Penny Wong: “We recognize we live in a more contested region, and we have to work harder to be a partner of choice. We know that. And unlike the previous government, we have been doing the work, and we will do the work, to work with the Pacific Island Forum members to assure Australia’s presence as a member of the family and as a partner of choice.”
FBI agents seized electronic devices from New York City Mayor Eric Adams last week as part of an investigation into whether his 2021 campaign received illegal donations from Turkey. Adams’s two cellular phones and iPad were returned days later. The seizure came in the wake of a federal raid on the home of Adams’s chief campaign fundraiser. The alleged donation scheme is believed to involve foreign businesses who used Turkish American citizens as “straw donors” to funnel money into Eric Adams’s mayoral campaign.
Federal investigators are also said to be looking into whether Adams, shortly before he was elected mayor, pressured the New York Fire Department into approving occupancy of a new Turkish consulate in Manhattan despite safety concerns with the high-rise building.
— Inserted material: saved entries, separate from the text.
(* Let $T\ge1$, $\mathcal{X}_t=\mathbb{R}^{d_t}$ for $t\in\{0,\dots,T\}$, and $\mathcal{A}_1,\dots,\mathcal{A}_T$ finite sets. On a probability space, let $X_0$ be $\mathcal{X}_0$-valued, let $X_s(a_{1:s})$ be $\mathcal{X}_s$-valued random variables for $s\in\{1,\dots,T\}$, $a_{1:s}\in\mathcal{A}_{1:s}$, let $A_s$ be $\mathcal{A}_s$-valued random variables for $s\in\{1,\dots,T\}$, and fix $t\in\{1,\dots,T\}$ and real-valued random variables $(Y(a'_{1:t}) : a'_{1:t}\in\mathcal{A}_{1:t})$. Suppose that for some $a_{1:t}\in\mathcal{A}_{1:t}$, measurable $B_{0:t}\subseteq\mathcal{X}_{0:t}$ (i.e. measurable $B_s\subseteq\mathcal{X}_s$ for each $s$) and $\underline{y},\overline{y}\in\mathbb{R}$ we have $$\mathbb{P}(X_{0:t}(a_{1:t})\in B_{0:t})>0,\qquad \mathbb{P}\big(\underline{y}\le Y(a_{1:t})\le \overline{y}\ \big|\ X_{0:t}(a_{1:t})\in B_{0:t}\big)=1.$$ Define $N:=\max\{0\le s\le t : A_{1:s}=a_{1:s}\}$ and $$\underline{Y}:=\mathbb{1}(A_{1:t}=a_{1:t})\,Y(A_{1:t})+\mathbb{1}(A_{1:t}\ne a_{1:t})\,\underline{y},\qquad \overline{Y}:=\mathbb{1}(A_{1:t}=a_{1:t})\,Y(A_{1:t})+\mathbb{1}(A_{1:t}\ne a_{1:t})\,\overline{y}.$$ Then $$\mathbb{E}[\underline{Y}\mid X_{0:N}(A_{1:N})\in B_{0:N}]\le \mathbb{E}[Y(a_{1:t})\mid X_{0:t}(a_{1:t})\in B_{0:t}]\le \mathbb{E}[\overline{Y}\mid X_{0:N}(A_{1:N})\in B_{0:N}].$$
   Context: Notation: $z_{t:t'}=(z_t,\dots,z_{t'})$ (empty if $t>t'$); $X_{0:s}(a_{1:s})=(X_0,X_1(a_1),\dots,X_s(a_{1:s}))$; $X_{0:s}(a_{1:s})\in B_{0:s}$ means $X_0\in B_0$ and $X_r(a_{1:r})\in B_r$ for $1\le r\le s$; $Y(A_{1:t})$ and $X_{0:N}(A_{1:N})$ denote the potential outcomes evaluated at the random actions (with $N$ random); $A_{1:0}=a_{1:0}$ holds vacuously, so $N\ge0$ and $X_{0:0}(A_{1:0})=X_0$. No assumption is made on the joint dependence between the actions $A_{1:T}$ and the potential outcomes. *)

From HB Require Import structures.
From mathcomp Require Import all_boot all_order all_algebra.
From mathcomp Require Import all_classical all_reals all_analysis.
Set Implicit Arguments. Unset Strict Implicit. Unset Printing Implicit Defensive.
Import Order.TTheory GRing.Theory Num.Theory.
Import numFieldNormedType.Exports.
Local Open Scope classical_set_scope.
Local Open Scope ring_scope.

(** Borel sigma-algebra on R^n = 'rV[R]_n (generated by the open sets of the
    usual (product/sup-norm) topology on row vectors). *)
Definition rV_borel (R : realType) (n : nat) : set (set 'rV[R]_n) :=
  <<s [set U : set 'rV[R]_n | open U] >>.

(** action histories a_{1:s} in A_1 x ... x A_s *)
Definition hist (Act : nat -> finType) (s : nat) := forall i : 'I_s, Act i.+1.

Definition prefix (Act : nat -> finType) (t : nat) (a : hist Act t)
  (r : 'I_t.+1) : hist Act r :=
  fun i => a (widen_ord (ltnSE (ltn_ord r)) i).

Definition obs_hist (Act : nat -> finType) (Om : Type)
  (A : forall s : nat, Om -> Act s) (s : nat) (w : Om) : hist Act s :=
  fun i => A i.+1 w.

Definition agree (Act : nat -> finType) (Om : Type)
  (A : forall s : nat, Om -> Act s) (t : nat) (a : hist Act t)
  (r : 'I_t.+1) (w : Om) : bool :=
  [forall i : 'I_r, A i.+1 w == @prefix Act t a r i].

Definition agree_full (Act : nat -> finType) (Om : Type)
  (A : forall s : nat, Om -> Act s) (t : nat) (a : hist Act t) (w : Om) : bool :=
  [forall i : 'I_t, A i.+1 w == a i].

Definition Nidx (Act : nat -> finType) (Om : Type)
  (A : forall s : nat, Om -> Act s) (t : nat) (a : hist Act t) (w : Om) : nat :=
  \max_(r < t.+1 | agree A a r w) (r : nat).

Definition ev_fixed (R : realType) (Act : nat -> finType) (Om : Type)
  (d : nat -> nat) (X : forall s : nat, hist Act s -> Om -> 'rV[R]_(d s))
  (B : forall s : nat, set 'rV[R]_(d s)) (t : nat) (a : hist Act t) : set Om :=
  [set w | forall r : 'I_t.+1, B r (X r (@prefix Act t a r) w)].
Adams reportedly pushed to open the building in time for a planned visit by Turkish President Recep Tayyip Erdoğan to New York to attend the 2021 U.N. General Assembly.
South Carolina Senator Tim Scott announced he is dropping out of the 2024 presidential race. Scott, the only Black Republican U.S. senator, did not immediately endorse another candidate. Just two months out from the first nominating contest in Iowa, Donald Trump remains the Republican Party’s clear front-runner despite his myriad legal troubles.
In California, a jury has found the animal rights activist and attorney Wayne Hsiung guilty of three charges, including felony conspiracy to trespass, after he led direct action protests in 2018 and 2019 that rescued ducks and chickens from factory farms in Sonoma County. Hsiung faces up to three-and-a-half years at a sentencing hearing scheduled for November 30. He spoke to Democracy Now! after his arrest in 2019.
Wayne Hsiung: “If you or I tortured an individual dog, we would clearly be subject to the criminal laws of the state of California. Yet, when a factory farm does this on massive scale, on a scale a million times larger than an individual person abusing a single animal, it’s seen as industry standard, and therefore completely immune from prosecution.”